__Problem details__.
Each line of the records that holds "ConvexAnalysis" should be shown in full.

________________________________________

(* Consider a discounted Markov decision problem with discount factor $\gamma\in(0,1)$ and the inexact policy mirror descent method as described in the context, with $\pi^{(0)}\in\operatorname{rint}\Pi$, and suppose that $\|\widehat Q(\pi^{(k)})-Q(\pi^{(k)})\|_\infty\le\tau$ for all $k\ge0$. Let $\rho\in\Delta(\mathcal{S})$ and $\vartheta_\rho=\frac1{1-\gamma}\|d_\rho(\pi^\star)/\rho\|_\infty$. If the (positive) step sizes satisfy $\eta_0\ge\frac{1-\gamma}{\gamma}D^\star_0$ and $\eta_{k+1}\ge\eta_k/\gamma$ for all $k\ge0$, then for all $k\ge0$, \[ V_\rho(\pi^{(k)})-V_\rho^\star\le\Bigl(1-\frac1{\vartheta_\rho}\Bigr)^k\frac2{1-\gamma}+\frac{4\vartheta_\rho}{1-\gamma}\tau . \]
   Context: A discounted Markov decision problem (cost-minimization form): finite state set $\mathcal{S}$, finite action set $\mathcal{A}$, transition probabilities $P(s'|s,a)$, cost $R:\mathcal{S}\times\mathcal{A}\to[0,1]$, discount $\gamma$. Policies $\Pi=\Delta(\mathcal{A})^{|\mathcal{S}|}$; $\operatorname{rint}\Pi$ is the set of policies with all entries $\pi_{s,a}>0$. $V_s(\pi)=\mathbf{E}\bigl[\sum_{t\ge0}\gamma^tR(s_t,a_t)\mid s_0=s\bigr]$ with $a_t\sim\pi_{s_t}$, $s_{t+1}\sim P(\cdot|s_t,a_t)$; $V_\rho(\pi)=\sum_s\rho_sV_s(\pi)$; $V_\rho^\star=\min_{\pi\in\Pi}V_\rho(\pi)$; $\pi^\star$ denotes a policy minimizing $V_s$ simultaneously for all $s$. $Q_{s,a}(\pi)=R_{s,a}+\gamma\sum_{s'}P(s'|s,a)V_{s'}(\pi)$. Discounted state visitation: $d_{s,s'}(\pi)=(1-\gamma)\sum_{t\ge0}\gamma^t\Pr^\pi(s_t=s'\mid s_0=s)$, $d_{\rho,s'}(\pi)=\sum_s\rho_sd_{s,s'}(\pi)$. For $p,q\in\Delta(\mathcal{S})$, $\|p/q\|_\infty=\max_sp_s/q_s$ with $0/0=1$. Bregman divergence: $h:\mathbf{R}^{|\mathcal{A}|}\to\mathbf{R}\cup\{+\infty\}$ is a convex function of Legendre type (proper, closed, essentially smooth, strictly convex on the relative interior of its domain) with $\Delta(\mathcal{A})\subseteq\operatorname{dom}h$ and $\operatorname{rint}\Delta(\mathcal{A})\subseteq\operatorname{rint}\operatorname{dom}h$; $D(p,p')=h(p)-h(p')-\langle\nabla h(p'),p-p'\rangle$. Inexact policy mirror descent: given estimates $\widehat Q(\pi^{(k)})\in\mathbf{R}^{|\mathcal{S}|\times|\mathcal{A}|}$ of $Q(\pi^{(k)})$, for each $s$, $\pi^{(k+1)}_s=\arg\min_{p\in\Delta(\mathcal{A})}\{\eta_k\langle\widehat Q_s(\pi^{(k)}),p\rangle+D(p,\pi^{(k)}_s)\}$. Notation: $D^\star_k=\sum_sd_{\rho,s}(\pi^\star)D(\pi^\star_s,\pi^{(k)}_s)$. *)

From HB Require Import structures.
From mathcomp Require Import all_boot all_order all_algebra.
From mathcomp Require Import all_classical all_reals all_analysis.
Set Implicit Arguments. Unset Strict Implicit. Unset Printing Implicit Defensive.
Import Order.TTheory GRing.Theory Num.Theory.
Import numFieldNormedType.Exports.
Local Open Scope classical_set_scope.
Local Open Scope ring_scope.

Section ConvexAnalysis.
Variables (R : realType) (n : nat).
Local Notation V := 'rV[R]_n.

Definition simplex : set V :=
  [set p | (forall j, 0 <= p ord0 j) /\ \sum_j p ord0 j = 1].

Definition aff_hull (C : set V) : set V :=
  [set x | exists (k : nat) (y : 'I_k -> V) (l : 'I_k -> R),
      (forall i, C (y i)) /\ \sum_i l i = 1 /\ x = \sum_i l i *: y i].

Definition rint (C : set V) : set V :=
  [set x | C x /\ exists2 e : R, 0 < e &
      forall z, aff_hull C z -> `|z - x| < e -> C z].

Definition dotv (u v : V) : R := \sum_j u ord0 j * v ord0 j.

Definition edom (h : V -> \bar R) : set V := [set x | (h x < +oo)%E].

Definition proper_fun (h : V -> \bar R) :=
  (forall x, (-oo < h x)%E) /\ exists x, edom h x.

Definition lsc_fun (h : V -> \bar R) :=
  forall x (a : R), (a%:E < h x)%E -> \forall y \near x, (a%:E < h y)%E.

Definition convex_efun (h : V -> \bar R) :=
  forall x y (t : R), 0 < t < 1 ->
    (h ((t *: x + (1 - t) *: y)%R) <= t%:E * h x + (1 - t)%:E * h y)%E.

Definition grad (h : V -> \bar R) (x : V) : V :=
  \row_j 'D_(delta_mx ord0 j) (fine \o h) x.

Definition essentially_smooth (h : V -> \bar R) :=
  (exists x, interior (edom h) x) /\
  (forall x, interior (edom h) x -> differentiable (fine \o h) x) /\
  (forall (u : nat -> V) (x : V),
      (forall k, interior (edom h) (u k)) ->
      u @ \oo --> x -> ~ interior (edom h) x ->
      (fun k => `|grad h (u k)|) @ \oo --> +oo).

Definition strictly_convex_on (h : V -> \bar R) (C : set V) :=
  forall x y (t : R), C x -> C y -> x != y -> 0 < t < 1 ->
    (h ((t *: x + (1 - t) *: y)%R) < t%:E * h x + (1 - t)%:E * h y)%E.

Definition legendre (h : V -> \bar R) :=
  [/\ proper_fun h, lsc_fun h, convex_efun h, essentially_smooth h
    & strictly_convex_on h (rint (edom h))].

Definition bregman (h : V -> \bar R) (p p' : V) : R :=
  fine (h p) - fine (h p') - dotv (grad h p') (p - p').

End ConvexAnalysis.

Section MDP.
Variables (R : realType) (S : finType) (n : nat).
Variables (P : S -> 'I_n -> S -> R) (c : S -> 'I_n -> R) (gamma : R).

Definition policy := S -> 'rV[R]_n.

Definition is_policy (pi : policy) := forall s, simplex (pi s).

Definition rint_policy (pi : policy) :=
  is_policy pi /\ forall s a, 0 < pi s ord0 a.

________________________________________

__Output of the exercise__.
Section ConvexAnalysis.
End ConvexAnalysis.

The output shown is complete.